§ GOAL OF THE EXERCISE
Note each line of the listing that contains the string "finType", and copy it.

§ WORKING DATA
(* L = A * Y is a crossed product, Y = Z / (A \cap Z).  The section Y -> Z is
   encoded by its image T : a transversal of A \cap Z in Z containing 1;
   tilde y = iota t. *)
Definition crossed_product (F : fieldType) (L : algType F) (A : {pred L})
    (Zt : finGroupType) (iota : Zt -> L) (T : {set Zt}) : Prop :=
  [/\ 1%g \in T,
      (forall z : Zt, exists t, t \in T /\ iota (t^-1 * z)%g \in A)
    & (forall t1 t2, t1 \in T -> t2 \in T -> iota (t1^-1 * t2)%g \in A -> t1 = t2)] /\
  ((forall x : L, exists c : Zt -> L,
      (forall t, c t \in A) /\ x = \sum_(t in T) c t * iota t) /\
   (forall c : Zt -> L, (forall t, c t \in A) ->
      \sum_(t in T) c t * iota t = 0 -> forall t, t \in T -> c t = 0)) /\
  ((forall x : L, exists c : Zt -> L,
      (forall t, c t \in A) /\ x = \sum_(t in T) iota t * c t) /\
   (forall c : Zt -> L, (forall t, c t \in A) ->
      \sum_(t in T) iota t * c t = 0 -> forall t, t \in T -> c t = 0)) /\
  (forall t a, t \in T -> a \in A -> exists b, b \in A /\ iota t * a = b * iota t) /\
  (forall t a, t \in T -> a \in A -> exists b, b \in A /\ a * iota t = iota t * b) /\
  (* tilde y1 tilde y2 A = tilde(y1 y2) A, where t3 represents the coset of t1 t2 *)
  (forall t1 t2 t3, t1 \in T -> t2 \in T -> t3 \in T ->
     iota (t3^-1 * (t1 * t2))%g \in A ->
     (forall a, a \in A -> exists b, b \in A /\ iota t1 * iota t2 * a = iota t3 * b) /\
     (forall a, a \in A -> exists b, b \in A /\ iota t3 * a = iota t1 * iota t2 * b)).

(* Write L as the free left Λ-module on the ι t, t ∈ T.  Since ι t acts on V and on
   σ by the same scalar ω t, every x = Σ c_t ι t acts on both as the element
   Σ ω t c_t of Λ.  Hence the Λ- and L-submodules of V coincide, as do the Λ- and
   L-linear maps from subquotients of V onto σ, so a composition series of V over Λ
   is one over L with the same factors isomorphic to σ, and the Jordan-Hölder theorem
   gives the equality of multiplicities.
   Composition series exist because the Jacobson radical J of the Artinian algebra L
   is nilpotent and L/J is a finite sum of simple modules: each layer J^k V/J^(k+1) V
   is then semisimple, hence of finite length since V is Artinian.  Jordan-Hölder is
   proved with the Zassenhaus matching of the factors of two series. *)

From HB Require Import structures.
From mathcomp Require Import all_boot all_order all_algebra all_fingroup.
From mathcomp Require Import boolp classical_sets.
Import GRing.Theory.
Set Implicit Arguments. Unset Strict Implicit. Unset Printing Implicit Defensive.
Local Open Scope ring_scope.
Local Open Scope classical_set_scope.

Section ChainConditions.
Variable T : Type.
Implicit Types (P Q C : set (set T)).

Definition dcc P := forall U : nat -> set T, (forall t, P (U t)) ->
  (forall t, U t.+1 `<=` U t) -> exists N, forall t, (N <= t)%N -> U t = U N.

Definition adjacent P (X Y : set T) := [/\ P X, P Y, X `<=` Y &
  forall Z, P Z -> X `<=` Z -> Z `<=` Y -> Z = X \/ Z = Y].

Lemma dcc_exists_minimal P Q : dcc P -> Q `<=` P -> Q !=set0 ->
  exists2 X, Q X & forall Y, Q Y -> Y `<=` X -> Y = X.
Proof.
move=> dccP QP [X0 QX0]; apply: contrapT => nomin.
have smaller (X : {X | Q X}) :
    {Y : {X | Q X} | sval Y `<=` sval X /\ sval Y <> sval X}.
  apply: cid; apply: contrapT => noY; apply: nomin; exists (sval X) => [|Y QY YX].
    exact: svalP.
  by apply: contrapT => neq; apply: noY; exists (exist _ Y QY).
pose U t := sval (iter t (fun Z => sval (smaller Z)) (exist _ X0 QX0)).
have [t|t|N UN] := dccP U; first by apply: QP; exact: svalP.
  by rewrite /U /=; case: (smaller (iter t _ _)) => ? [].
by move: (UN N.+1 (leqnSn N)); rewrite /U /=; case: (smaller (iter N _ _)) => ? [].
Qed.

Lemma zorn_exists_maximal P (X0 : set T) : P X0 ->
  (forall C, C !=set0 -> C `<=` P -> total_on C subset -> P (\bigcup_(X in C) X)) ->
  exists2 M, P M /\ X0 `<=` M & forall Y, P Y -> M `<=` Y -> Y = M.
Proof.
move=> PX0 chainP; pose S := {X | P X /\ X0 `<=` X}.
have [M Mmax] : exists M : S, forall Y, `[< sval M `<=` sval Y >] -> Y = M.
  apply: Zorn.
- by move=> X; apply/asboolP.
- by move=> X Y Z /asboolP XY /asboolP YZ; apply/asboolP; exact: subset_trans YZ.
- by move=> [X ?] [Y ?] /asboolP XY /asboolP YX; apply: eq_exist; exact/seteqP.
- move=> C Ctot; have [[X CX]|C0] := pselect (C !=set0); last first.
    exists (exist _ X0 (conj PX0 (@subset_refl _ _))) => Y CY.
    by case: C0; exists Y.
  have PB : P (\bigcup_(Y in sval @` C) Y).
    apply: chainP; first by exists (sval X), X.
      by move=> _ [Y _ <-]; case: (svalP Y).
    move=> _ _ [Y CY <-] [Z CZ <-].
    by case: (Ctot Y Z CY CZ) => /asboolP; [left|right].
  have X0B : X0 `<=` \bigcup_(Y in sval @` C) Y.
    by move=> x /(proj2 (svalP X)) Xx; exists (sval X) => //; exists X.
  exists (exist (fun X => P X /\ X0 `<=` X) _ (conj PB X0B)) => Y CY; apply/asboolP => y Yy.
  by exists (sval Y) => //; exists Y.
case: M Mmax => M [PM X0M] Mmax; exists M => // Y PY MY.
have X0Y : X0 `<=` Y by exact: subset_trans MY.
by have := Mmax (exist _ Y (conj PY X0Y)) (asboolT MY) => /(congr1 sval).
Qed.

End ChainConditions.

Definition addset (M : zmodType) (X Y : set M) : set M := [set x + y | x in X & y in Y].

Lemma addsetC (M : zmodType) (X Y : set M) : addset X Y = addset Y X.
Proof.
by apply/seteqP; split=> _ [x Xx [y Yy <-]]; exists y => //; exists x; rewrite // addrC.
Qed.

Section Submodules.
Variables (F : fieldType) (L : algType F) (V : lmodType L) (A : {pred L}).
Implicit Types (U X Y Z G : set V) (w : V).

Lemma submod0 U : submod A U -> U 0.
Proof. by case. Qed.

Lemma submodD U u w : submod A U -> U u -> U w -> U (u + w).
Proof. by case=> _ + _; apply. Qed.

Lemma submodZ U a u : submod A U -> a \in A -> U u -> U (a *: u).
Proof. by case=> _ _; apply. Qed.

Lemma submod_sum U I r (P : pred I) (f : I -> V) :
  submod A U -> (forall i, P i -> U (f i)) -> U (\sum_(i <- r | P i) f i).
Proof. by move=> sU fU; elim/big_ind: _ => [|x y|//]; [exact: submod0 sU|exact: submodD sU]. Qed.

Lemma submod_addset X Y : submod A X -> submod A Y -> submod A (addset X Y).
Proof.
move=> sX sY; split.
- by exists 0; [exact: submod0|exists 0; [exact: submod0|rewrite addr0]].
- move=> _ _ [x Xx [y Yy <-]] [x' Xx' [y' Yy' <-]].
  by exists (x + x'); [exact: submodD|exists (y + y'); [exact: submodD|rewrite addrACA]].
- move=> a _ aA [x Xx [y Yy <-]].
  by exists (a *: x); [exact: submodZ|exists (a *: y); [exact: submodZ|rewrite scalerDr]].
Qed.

...

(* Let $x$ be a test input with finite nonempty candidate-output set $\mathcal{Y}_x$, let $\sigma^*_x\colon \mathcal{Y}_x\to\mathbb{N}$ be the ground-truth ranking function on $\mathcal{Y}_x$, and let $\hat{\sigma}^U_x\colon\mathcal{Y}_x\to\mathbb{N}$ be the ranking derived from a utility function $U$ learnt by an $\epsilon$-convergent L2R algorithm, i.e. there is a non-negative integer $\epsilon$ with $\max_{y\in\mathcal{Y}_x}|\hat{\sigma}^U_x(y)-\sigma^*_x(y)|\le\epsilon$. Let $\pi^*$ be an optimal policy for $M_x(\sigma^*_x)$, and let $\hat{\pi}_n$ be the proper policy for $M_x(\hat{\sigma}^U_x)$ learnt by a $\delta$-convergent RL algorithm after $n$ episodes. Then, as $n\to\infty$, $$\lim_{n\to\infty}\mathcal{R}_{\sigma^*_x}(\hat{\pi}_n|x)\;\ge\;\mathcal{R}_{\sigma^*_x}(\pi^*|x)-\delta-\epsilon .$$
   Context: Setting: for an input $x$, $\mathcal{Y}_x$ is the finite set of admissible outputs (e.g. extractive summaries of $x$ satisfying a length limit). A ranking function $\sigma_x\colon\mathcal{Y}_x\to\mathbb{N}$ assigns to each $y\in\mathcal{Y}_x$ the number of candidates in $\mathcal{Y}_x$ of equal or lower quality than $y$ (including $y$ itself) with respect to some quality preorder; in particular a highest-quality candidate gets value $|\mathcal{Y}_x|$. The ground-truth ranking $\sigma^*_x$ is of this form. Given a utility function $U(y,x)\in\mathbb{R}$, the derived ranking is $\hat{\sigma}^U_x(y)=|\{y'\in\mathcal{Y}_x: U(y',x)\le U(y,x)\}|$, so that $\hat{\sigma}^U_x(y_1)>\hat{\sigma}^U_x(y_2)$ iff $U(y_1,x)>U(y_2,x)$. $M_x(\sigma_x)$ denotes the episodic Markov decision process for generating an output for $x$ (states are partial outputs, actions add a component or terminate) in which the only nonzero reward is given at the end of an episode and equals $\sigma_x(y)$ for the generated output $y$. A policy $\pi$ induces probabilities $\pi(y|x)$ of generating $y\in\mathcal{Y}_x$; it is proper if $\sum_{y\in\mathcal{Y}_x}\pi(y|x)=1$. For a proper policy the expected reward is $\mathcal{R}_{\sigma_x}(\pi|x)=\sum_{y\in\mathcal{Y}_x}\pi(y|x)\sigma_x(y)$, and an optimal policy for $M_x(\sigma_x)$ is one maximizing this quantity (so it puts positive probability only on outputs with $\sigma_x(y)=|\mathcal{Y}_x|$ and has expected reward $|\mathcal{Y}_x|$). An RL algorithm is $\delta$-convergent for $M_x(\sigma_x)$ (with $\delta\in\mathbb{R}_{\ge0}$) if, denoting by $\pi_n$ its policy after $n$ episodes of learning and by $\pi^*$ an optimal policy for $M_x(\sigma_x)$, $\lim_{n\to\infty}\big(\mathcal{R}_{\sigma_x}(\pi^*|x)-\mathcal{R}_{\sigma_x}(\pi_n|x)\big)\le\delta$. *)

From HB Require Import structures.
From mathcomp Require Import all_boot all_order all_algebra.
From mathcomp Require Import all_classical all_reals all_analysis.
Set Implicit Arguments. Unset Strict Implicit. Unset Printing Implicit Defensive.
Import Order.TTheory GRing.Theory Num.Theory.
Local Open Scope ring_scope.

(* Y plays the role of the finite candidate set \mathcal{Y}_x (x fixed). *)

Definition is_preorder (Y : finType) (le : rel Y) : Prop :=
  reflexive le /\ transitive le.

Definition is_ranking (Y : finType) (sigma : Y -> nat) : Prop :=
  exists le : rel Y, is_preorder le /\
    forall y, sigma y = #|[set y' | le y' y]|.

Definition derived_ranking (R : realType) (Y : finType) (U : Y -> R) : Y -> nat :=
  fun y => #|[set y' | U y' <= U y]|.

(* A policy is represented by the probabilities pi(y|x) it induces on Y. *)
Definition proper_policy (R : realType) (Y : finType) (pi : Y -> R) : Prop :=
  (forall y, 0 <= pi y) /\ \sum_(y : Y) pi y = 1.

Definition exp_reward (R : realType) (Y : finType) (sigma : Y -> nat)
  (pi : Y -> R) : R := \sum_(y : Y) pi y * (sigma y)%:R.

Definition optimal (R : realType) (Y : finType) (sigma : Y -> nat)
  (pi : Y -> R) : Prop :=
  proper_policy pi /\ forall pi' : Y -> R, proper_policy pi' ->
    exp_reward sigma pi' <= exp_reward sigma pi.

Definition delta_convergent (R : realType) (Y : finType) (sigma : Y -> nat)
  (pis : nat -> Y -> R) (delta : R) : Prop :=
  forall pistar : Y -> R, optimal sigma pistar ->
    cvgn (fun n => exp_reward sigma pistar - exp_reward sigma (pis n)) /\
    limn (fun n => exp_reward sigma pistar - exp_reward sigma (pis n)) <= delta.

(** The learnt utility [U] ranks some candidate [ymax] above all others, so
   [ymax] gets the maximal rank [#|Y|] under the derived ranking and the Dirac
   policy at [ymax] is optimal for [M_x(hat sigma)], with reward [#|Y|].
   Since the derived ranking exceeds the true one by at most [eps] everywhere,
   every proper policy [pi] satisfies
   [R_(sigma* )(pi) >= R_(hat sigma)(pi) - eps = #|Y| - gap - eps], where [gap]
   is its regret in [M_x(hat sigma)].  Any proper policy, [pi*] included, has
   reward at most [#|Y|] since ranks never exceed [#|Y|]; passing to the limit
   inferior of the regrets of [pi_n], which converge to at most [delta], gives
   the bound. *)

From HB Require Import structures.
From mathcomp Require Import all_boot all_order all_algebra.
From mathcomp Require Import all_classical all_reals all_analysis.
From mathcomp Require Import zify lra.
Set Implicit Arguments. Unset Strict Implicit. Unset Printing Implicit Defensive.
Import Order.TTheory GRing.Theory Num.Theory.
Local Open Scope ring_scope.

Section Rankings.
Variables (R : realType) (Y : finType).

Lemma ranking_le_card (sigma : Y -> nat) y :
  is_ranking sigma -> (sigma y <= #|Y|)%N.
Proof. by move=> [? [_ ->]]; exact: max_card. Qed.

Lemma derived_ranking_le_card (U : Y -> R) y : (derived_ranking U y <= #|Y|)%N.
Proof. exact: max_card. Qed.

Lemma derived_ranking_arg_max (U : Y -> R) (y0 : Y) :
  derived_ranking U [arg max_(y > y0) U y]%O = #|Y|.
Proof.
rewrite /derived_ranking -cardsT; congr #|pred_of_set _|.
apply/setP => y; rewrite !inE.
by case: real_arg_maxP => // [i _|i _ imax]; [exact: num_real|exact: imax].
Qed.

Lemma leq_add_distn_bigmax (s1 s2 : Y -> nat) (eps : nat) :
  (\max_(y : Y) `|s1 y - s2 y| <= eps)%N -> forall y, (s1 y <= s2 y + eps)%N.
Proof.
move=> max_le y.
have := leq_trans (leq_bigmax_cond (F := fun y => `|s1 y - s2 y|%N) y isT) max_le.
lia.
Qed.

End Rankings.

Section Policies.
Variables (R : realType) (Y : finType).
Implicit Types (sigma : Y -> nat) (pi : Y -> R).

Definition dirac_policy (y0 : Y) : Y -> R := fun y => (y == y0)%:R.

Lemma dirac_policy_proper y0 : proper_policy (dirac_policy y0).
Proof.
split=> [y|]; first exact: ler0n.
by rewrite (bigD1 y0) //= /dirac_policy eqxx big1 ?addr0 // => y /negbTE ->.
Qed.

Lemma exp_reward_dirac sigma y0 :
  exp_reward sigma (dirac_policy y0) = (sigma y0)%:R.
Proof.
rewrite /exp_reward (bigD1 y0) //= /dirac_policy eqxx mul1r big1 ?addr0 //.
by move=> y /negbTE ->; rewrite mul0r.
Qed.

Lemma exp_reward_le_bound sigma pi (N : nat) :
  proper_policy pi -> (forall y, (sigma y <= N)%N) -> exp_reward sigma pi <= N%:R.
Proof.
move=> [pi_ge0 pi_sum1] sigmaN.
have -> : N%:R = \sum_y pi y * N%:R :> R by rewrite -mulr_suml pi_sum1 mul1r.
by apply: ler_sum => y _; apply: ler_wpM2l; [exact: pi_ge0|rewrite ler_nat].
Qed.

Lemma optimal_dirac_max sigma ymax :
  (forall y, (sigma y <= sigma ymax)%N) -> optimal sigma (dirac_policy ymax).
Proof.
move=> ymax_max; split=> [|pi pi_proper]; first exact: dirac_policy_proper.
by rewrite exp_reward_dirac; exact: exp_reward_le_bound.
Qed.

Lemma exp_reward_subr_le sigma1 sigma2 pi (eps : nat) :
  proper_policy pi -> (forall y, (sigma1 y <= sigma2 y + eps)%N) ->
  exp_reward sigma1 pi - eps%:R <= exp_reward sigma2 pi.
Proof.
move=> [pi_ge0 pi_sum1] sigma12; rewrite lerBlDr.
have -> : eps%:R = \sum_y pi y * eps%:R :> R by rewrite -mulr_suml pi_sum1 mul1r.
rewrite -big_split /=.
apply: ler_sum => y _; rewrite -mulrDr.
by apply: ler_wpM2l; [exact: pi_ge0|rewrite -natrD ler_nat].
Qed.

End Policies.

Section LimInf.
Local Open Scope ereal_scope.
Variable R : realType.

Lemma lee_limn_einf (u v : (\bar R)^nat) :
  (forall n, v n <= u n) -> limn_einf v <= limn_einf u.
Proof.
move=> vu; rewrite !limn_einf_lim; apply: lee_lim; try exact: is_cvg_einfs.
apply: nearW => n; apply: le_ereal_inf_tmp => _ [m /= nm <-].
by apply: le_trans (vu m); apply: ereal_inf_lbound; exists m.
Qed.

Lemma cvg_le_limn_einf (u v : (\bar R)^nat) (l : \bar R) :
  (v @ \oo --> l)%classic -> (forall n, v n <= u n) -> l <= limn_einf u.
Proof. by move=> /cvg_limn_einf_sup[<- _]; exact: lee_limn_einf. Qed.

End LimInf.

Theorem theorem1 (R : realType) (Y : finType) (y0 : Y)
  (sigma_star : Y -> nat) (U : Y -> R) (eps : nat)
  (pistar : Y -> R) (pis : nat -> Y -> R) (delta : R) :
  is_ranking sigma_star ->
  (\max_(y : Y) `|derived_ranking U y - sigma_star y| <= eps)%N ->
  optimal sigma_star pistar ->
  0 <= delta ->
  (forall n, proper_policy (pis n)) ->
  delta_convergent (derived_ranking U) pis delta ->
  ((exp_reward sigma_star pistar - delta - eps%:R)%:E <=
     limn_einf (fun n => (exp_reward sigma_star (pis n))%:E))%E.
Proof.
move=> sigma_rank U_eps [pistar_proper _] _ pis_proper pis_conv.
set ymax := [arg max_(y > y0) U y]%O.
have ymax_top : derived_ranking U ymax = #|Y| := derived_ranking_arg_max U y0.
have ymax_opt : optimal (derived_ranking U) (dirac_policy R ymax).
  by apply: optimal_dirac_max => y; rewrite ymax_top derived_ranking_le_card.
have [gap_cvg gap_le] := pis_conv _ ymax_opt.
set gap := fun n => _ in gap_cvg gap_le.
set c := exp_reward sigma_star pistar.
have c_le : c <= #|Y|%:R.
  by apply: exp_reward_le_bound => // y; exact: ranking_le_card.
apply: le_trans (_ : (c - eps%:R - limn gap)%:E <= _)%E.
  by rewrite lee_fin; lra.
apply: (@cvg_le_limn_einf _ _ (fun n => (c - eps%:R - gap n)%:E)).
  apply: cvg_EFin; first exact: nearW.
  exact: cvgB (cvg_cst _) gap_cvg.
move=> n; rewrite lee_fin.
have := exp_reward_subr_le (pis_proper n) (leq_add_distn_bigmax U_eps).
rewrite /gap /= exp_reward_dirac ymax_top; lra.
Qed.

§ EXERCISE OUTPUT
Definition is_preorder (Y : finType) (le : rel Y) : Prop :=
Definition is_ranking (Y : finType) (sigma : Y -> nat) : Prop :=
Definition derived_ranking (R : realType) (Y : finType) (U : Y -> R) : Y -> nat :=
Definition proper_policy (R : realType) (Y : finType) (pi : Y -> R) : Prop :=
Definition exp_reward (R : realType) (Y : finType) (sigma : Y -> nat)
Definition optimal (R : realType) (Y : finType) (sigma : Y -> nat)
Definition delta_convergent (R : realType) (Y : finType) (sigma : Y -> nat)
Variables (R : realType) (Y : finType).
Variables (R : realType) (Y : finType).
Theorem theorem1 (R : realType) (Y : finType) (y0 : Y)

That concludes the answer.